As many as 10% of patients with CKD may experience CSA.25,26 The complications encountered in CKD include fluid overload with pulmonary edema, chronic metabolic acidosis, and anemia. These can provoke hyperventilation in addition to poor sleep quality, triggering arousals that further drive CSA in these patients. Additional risk factors for CSA in this population include atrial fibrillation and cardiac dysfunction. Clinical interventions that have demonstrated reduction in CSA include hemodialysis at night vs daytime and using bicarbonate buffer vs acetate for hemodialysis 22-24,26-29
Hypersecretion of growth hormone in acromegaly also results in hyperventilation contributing to CSA. While medical and surgical management of acromegaly results in a reduction in OSA, there is limited evidence on the outcome of the CSA after these interventions.

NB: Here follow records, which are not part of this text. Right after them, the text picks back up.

Theorem mainTheorem5 :
  ~ order_iso I_even I_odd /\ ~ order_iso I_even I_all /\ ~ order_iso I_odd I_all.
Proof.
have I_odd1 : walk_offset I_odd 1 by apply: walk_offset_Zsum.
have I_all1 : walk_offset I_all 1 by apply: walk_offset_Zsum.
have I_all0 : walk_offset I_all 0 by apply: walk_offset_Zsum.
split; [|split]=> iso.
- by move: I_odd1 => /(order_iso_walk_offset 1 iso) /walk_offset_Zsum_inv.
- by move: I_all1 => /(order_iso_walk_offset 1 iso) /walk_offset_Zsum_inv.
- by move: I_all0 => /(order_iso_walk_offset 0 iso) /walk_offset_Zsum_inv.
Qed.
(* The derivative of [k ln z - l out_logodds z] is
   [(k (v z + u) (u z + v) - l (v^2 - u^2) z) / (z (v z + u) (u z + v))]. *)
Lemma out_logodds_cmp (k l a b : R) : 0 <= a ->
  (forall z, a < z < b -> l * (v ^+ 2 - u ^+ 2) * z <= k * ((v * z + u) * (u * z + v))) ->
  forall x y, a < y -> y <= x -> x < b ->
  l * (out_logodds x - out_logodds y) <= k * (ln x - ln y).
Proof.
move=> a0 hkl x y ay yx xb.
pose f z := k * ln z - l * out_logodds z.
have df (z : R) : 0 < z -> is_derive z 1 f
    (k * z^-1 - l * ((v * z + u)^-1 * v - (u * z + v)^-1 * u)).
  move=> z0; have [p1 p2] := out_odds_gt0 z0.
  have d1 := is_derive_ln_affine p1; have d2 := is_derive_ln_affine p2.
  have d0 := is_derive1_ln z0.
  by rewrite /f /out_logodds; apply: is_derive_eq.
suff : f y <= f x by rewrite /f; lra.
apply: (@ger0_derive1_ndecr R f y x) => //.
- move=> z; rewrite in_itv /= => /andP[yz zx].
  have z0 : 0 < z by lra.
  by case: (df z z0).
- move=> z; rewrite in_itv /= => /andP[yz zx].
  have z0 : 0 < z by lra.
  have [p1 p2] := out_odds_gt0 z0.
  rewrite derive1E; case: (df z z0) => _ ->.
  have -> : k * z^-1 - l * ((v * z + u)^-1 * v - (u * z + v)^-1 * u) =
      (k * ((v * z + u) * (u * z + v)) - l * (v ^+ 2 - u ^+ 2) * z)
      / (z * (v * z + u) * (u * z + v)).
    by field; rewrite !gt_eqF.
  apply: divr_ge0; first by have := hkl z (ltac:(lra)); lra.
  by rewrite !mulr_ge0 // ltW.
- apply: continuous_in_subspaceT => z; rewrite inE /= in_itv /= => /andP[yz zx].
  have z0 : 0 < z by lra.
  have [+ _] := df z z0.
  by move/derivable1_diffP/differentiable_continuous.
Qed.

Hypothyroidism and CSA both present with similar symptoms of fatigue, daytime sleepiness, depression, and headaches. Studies suggest that respiratory muscle fatigue and decreased ventilatory response to hypercapnia and hypoxia contribute to apnea in this population. In one study, 27% of hypothyroid patients had a blunted response to hypercapnia, and 34% suffered from a blunted response to hypoxia. The same study showed universal reversal of the impairment following thyroid replacement therapy and return to euthyroid state.30 Similarly, multiple studies have shown reversal of respiratory muscle fatigue after initiation of thyroid replacement.30-32 Assessing thyroid function is an appropriate initial step during any sleep-disordered breathing workup, as it is a reversible cause of apnea. Up to 2.4% of patients presenting for PSG (and diagnosed with OSA) are found to have undiagnosed hypothyroidism.32,33 In a military population, treatment of a secondary cause of CSA, such as hypothyroidism, could remove some administrative burden as well as improve service members’ quality of life.
If CSA persists despite previous treatment strategies, then clinicians should focus on the optimization of treatment for comorbid conditions. If that does not resolve CSA, CPAP should be used when AHI remains above 15 events per hour or ASV can be used.